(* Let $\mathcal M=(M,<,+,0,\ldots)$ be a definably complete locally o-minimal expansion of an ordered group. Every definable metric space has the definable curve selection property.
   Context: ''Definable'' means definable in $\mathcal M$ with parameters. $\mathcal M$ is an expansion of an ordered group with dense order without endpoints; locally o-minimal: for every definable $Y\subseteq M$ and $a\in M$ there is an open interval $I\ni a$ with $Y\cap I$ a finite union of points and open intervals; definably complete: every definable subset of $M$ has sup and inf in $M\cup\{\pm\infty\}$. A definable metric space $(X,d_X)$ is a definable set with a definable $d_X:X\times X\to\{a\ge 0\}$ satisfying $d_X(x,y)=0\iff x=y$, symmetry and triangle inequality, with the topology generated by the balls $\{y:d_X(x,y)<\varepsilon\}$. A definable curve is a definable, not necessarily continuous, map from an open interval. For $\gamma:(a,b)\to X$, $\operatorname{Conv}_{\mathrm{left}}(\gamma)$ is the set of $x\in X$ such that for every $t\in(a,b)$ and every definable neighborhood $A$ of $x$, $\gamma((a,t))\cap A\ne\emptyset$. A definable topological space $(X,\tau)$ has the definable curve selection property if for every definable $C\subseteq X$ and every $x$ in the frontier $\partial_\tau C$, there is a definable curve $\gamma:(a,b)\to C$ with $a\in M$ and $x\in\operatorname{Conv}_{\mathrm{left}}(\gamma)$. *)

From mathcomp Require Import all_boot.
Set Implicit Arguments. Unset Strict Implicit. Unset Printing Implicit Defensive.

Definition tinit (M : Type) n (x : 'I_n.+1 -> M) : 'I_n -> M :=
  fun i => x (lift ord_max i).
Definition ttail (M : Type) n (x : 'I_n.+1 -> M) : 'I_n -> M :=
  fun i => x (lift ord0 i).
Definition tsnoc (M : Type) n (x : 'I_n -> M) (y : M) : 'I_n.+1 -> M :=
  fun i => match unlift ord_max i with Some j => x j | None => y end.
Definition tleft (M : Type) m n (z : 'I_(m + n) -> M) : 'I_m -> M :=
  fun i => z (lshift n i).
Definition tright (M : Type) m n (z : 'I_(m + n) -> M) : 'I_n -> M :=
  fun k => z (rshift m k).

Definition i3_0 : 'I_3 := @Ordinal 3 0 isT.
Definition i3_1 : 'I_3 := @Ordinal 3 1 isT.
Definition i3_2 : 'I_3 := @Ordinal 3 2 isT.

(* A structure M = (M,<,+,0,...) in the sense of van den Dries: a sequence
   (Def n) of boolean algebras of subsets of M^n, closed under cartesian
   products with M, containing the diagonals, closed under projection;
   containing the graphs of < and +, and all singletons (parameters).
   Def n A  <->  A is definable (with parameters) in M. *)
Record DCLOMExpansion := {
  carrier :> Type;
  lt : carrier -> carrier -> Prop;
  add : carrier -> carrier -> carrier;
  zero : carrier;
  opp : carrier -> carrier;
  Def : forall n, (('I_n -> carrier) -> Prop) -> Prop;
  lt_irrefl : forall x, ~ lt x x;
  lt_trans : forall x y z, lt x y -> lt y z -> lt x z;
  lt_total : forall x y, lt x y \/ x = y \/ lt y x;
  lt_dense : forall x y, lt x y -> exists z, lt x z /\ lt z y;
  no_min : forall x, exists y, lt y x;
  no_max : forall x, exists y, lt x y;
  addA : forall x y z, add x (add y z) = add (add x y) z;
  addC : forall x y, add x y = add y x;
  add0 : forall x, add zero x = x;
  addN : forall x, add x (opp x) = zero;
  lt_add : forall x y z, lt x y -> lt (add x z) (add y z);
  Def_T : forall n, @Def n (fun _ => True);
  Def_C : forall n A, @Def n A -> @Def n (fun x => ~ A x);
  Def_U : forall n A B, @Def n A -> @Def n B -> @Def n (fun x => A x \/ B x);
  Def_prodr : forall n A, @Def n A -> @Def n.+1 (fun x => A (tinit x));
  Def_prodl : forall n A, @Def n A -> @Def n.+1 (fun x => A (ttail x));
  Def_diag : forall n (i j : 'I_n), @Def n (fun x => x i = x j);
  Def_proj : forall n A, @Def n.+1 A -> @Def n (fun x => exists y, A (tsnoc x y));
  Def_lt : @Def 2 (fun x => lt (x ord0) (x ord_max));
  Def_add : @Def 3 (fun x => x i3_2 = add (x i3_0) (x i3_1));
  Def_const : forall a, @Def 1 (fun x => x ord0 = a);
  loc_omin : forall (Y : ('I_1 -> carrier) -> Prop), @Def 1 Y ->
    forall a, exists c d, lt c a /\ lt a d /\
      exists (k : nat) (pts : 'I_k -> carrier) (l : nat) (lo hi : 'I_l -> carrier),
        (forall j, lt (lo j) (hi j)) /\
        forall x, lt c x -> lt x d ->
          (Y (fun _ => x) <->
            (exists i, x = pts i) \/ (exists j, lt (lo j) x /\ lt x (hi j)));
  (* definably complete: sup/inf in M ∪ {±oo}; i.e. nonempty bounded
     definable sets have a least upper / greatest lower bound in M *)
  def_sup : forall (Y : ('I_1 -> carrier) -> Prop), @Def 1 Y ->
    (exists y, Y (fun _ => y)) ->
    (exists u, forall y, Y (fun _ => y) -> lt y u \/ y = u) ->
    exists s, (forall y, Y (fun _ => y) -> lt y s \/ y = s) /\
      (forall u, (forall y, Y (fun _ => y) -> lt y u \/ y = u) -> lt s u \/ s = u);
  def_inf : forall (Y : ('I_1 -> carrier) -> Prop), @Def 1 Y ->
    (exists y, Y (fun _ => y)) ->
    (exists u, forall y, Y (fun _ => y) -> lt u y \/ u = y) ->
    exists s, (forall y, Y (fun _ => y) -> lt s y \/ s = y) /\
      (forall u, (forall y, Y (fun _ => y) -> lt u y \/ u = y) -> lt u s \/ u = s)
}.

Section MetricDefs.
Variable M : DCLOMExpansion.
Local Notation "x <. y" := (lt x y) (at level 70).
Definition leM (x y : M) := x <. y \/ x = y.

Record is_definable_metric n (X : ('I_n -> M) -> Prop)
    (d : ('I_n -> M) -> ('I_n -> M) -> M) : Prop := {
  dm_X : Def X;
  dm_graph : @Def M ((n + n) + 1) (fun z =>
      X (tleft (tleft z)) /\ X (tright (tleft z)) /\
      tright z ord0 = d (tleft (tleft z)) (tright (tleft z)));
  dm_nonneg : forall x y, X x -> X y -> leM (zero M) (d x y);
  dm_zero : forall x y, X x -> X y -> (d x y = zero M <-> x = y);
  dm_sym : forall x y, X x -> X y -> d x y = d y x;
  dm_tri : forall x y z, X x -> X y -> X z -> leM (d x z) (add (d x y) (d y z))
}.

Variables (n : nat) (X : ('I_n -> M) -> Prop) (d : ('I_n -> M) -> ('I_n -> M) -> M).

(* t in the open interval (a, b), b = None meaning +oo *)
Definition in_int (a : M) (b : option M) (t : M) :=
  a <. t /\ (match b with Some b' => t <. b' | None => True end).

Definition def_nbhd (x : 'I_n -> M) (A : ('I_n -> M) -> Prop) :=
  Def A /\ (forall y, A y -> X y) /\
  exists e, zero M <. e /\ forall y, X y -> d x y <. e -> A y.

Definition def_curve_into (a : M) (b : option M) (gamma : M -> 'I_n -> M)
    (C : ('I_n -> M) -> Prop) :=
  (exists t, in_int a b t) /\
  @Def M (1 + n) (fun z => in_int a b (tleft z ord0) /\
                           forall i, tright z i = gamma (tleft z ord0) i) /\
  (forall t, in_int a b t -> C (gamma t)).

──────────────────────────────

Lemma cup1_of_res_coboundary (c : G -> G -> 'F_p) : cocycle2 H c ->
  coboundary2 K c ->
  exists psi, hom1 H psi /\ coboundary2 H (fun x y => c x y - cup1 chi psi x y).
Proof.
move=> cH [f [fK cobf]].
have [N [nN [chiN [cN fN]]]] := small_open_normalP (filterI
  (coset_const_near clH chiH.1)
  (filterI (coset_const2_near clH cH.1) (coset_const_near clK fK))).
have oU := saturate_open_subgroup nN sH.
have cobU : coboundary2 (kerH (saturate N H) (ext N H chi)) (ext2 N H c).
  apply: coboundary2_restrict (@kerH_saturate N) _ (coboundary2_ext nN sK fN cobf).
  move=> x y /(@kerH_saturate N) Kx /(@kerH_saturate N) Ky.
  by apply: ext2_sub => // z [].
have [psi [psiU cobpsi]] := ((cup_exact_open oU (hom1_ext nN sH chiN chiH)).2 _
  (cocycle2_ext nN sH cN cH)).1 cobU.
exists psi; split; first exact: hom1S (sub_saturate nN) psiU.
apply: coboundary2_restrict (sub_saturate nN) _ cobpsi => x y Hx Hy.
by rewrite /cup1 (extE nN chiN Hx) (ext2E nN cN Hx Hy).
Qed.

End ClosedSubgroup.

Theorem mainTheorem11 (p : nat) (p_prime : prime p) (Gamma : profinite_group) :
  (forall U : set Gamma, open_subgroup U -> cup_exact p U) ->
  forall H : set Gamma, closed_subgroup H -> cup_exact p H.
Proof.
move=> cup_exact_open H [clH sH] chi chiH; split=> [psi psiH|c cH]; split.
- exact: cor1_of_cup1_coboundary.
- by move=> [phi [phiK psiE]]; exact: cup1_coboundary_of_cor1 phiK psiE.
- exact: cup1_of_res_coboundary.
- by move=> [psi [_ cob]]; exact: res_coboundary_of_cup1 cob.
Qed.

──────────────────────────────

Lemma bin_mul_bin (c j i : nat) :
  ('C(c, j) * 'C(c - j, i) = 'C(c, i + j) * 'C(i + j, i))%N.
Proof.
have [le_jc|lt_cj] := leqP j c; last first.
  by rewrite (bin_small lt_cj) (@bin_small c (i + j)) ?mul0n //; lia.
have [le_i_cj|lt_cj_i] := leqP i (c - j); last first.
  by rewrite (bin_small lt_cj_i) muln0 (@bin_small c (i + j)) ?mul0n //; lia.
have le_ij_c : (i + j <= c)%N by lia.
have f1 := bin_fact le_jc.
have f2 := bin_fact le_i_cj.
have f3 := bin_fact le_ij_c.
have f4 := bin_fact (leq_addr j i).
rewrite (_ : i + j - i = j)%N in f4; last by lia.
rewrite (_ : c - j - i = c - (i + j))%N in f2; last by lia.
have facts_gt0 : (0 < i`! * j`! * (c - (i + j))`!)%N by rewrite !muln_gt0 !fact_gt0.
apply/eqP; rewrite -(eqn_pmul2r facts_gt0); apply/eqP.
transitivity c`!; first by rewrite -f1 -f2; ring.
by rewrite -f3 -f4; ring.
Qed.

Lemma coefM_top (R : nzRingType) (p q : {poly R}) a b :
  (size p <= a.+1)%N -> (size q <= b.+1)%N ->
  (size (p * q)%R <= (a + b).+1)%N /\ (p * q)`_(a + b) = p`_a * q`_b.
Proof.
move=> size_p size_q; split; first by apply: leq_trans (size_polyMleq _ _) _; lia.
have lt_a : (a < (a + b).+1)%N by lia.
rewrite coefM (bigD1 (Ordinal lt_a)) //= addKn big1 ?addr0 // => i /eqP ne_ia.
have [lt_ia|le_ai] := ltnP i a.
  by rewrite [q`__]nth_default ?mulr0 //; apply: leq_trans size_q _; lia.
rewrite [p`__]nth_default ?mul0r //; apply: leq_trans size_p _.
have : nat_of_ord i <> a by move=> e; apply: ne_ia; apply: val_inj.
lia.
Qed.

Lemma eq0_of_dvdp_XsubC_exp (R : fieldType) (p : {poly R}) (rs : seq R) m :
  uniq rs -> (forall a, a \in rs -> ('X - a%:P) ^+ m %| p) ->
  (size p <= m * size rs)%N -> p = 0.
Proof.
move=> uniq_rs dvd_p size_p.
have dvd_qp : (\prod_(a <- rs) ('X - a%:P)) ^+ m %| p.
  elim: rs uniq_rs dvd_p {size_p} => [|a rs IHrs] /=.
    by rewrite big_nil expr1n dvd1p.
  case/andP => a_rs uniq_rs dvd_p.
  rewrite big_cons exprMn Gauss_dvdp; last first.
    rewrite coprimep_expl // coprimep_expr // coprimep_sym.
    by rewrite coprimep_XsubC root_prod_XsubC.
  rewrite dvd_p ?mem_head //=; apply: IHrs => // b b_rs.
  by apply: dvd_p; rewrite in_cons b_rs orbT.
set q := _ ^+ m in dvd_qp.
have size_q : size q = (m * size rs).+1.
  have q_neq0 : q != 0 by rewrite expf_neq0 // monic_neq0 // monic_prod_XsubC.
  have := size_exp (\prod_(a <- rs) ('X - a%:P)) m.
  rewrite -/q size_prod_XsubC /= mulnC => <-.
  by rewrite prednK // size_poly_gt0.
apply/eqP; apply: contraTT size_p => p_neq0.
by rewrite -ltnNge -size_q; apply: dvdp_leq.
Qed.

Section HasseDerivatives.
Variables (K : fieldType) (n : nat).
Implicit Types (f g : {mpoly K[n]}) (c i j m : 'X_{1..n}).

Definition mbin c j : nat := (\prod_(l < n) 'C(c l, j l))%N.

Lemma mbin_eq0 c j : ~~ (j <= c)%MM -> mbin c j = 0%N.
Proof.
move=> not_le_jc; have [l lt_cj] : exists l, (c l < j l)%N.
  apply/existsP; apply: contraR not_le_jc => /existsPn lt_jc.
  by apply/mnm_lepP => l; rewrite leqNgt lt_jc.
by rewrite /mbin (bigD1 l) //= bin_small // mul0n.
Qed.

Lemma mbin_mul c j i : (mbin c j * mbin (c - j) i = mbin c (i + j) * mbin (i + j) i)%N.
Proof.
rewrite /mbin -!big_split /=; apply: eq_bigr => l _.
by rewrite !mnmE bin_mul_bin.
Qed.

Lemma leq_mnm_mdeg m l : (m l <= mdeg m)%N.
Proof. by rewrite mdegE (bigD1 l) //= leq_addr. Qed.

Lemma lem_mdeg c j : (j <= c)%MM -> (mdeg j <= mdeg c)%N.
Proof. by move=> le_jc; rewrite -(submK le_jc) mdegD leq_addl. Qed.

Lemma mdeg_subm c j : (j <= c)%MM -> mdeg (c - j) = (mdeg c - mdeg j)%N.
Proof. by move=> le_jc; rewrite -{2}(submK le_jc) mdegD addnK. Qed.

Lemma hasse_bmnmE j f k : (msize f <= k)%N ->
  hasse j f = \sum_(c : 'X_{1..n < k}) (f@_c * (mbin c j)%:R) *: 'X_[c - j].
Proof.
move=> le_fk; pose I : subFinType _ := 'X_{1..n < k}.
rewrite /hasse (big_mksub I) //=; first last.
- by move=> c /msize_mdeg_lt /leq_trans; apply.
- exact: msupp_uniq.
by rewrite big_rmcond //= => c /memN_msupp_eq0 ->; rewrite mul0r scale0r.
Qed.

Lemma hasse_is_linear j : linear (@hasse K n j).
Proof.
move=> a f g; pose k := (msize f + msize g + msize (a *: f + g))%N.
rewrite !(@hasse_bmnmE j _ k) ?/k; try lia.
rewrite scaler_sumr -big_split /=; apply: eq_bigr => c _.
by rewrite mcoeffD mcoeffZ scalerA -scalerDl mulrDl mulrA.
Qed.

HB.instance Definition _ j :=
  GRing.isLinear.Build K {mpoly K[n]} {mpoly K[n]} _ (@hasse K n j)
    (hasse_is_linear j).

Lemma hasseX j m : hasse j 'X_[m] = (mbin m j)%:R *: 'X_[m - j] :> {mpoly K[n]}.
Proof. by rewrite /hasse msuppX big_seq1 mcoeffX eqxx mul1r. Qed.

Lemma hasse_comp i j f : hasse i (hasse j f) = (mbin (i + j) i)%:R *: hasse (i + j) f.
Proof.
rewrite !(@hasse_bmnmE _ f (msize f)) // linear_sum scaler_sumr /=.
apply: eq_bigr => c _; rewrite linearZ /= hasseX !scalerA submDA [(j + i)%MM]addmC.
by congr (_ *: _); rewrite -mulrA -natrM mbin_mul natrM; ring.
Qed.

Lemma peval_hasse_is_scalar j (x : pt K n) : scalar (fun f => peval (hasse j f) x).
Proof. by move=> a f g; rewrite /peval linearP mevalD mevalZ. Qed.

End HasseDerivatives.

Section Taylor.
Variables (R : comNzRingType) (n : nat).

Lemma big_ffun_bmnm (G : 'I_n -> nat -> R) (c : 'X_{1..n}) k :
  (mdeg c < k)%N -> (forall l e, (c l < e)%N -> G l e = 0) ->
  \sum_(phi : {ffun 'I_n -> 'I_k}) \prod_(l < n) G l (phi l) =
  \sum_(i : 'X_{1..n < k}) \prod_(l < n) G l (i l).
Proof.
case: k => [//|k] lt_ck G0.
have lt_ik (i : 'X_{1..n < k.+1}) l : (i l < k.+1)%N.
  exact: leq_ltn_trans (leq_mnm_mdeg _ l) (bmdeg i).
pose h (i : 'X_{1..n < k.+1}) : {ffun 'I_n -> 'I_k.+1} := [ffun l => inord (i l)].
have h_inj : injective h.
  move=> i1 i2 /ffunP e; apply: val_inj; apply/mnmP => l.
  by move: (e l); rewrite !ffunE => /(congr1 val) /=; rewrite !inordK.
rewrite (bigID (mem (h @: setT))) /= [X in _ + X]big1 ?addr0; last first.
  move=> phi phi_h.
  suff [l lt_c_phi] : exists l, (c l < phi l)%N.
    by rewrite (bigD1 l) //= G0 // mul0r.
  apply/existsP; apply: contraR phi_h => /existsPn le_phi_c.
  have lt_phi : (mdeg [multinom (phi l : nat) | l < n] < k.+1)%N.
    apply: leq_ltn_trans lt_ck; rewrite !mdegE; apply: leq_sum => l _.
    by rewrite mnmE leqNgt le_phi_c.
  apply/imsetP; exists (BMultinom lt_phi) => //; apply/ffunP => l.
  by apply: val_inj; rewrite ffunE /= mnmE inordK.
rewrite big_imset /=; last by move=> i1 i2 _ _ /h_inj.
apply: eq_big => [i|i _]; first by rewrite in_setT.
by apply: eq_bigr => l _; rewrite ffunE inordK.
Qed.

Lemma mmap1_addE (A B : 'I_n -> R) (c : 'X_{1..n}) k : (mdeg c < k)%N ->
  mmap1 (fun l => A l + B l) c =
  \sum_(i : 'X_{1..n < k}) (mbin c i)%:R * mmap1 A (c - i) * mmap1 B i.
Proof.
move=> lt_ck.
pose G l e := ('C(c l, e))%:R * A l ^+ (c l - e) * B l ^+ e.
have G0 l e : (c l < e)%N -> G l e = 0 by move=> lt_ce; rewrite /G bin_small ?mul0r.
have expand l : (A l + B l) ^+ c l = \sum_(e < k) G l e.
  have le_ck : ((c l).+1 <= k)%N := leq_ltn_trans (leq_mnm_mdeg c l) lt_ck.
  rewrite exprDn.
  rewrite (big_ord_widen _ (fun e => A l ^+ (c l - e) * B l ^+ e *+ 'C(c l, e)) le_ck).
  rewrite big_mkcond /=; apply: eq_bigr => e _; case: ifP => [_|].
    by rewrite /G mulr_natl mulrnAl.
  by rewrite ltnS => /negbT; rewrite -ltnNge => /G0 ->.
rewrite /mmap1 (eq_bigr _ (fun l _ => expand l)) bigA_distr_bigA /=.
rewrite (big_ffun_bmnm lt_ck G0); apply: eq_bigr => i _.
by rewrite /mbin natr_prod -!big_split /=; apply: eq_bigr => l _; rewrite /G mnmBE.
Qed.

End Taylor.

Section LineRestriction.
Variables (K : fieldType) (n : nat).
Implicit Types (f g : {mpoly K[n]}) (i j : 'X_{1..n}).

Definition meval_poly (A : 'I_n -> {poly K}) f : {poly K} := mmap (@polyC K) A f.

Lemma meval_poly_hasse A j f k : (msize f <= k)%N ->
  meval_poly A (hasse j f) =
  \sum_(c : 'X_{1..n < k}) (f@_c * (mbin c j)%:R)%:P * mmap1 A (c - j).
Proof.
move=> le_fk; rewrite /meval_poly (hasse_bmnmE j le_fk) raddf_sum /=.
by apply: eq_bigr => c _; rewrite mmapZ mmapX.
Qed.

──────────────────────────────

INSTRUCTIONS FOR THE TASK:
When you reach the line containing "n) G l (phi" in the data above, start copying exactly, and stop after the line containing "by rewrite (bigD1 l) //= G0 // mul0r.".

RESPONSE:
  \sum_(phi : {ffun 'I_n -> 'I_k}) \prod_(l < n) G l (phi l) =
  \sum_(i : 'X_{1..n < k}) \prod_(l < n) G l (i l).
Proof.
case: k => [//|k] lt_ck G0.
have lt_ik (i : 'X_{1..n < k.+1}) l : (i l < k.+1)%N.
  exact: leq_ltn_trans (leq_mnm_mdeg _ l) (bmdeg i).
pose h (i : 'X_{1..n < k.+1}) : {ffun 'I_n -> 'I_k.+1} := [ffun l => inord (i l)].
have h_inj : injective h.
  move=> i1 i2 /ffunP e; apply: val_inj; apply/mnmP => l.
  by move: (e l); rewrite !ffunE => /(congr1 val) /=; rewrite !inordK.
rewrite (bigID (mem (h @: setT))) /= [X in _ + X]big1 ?addr0; last first.
  move=> phi phi_h.
  suff [l lt_c_phi] : exists l, (c l < phi l)%N.
    by rewrite (bigD1 l) //= G0 // mul0r.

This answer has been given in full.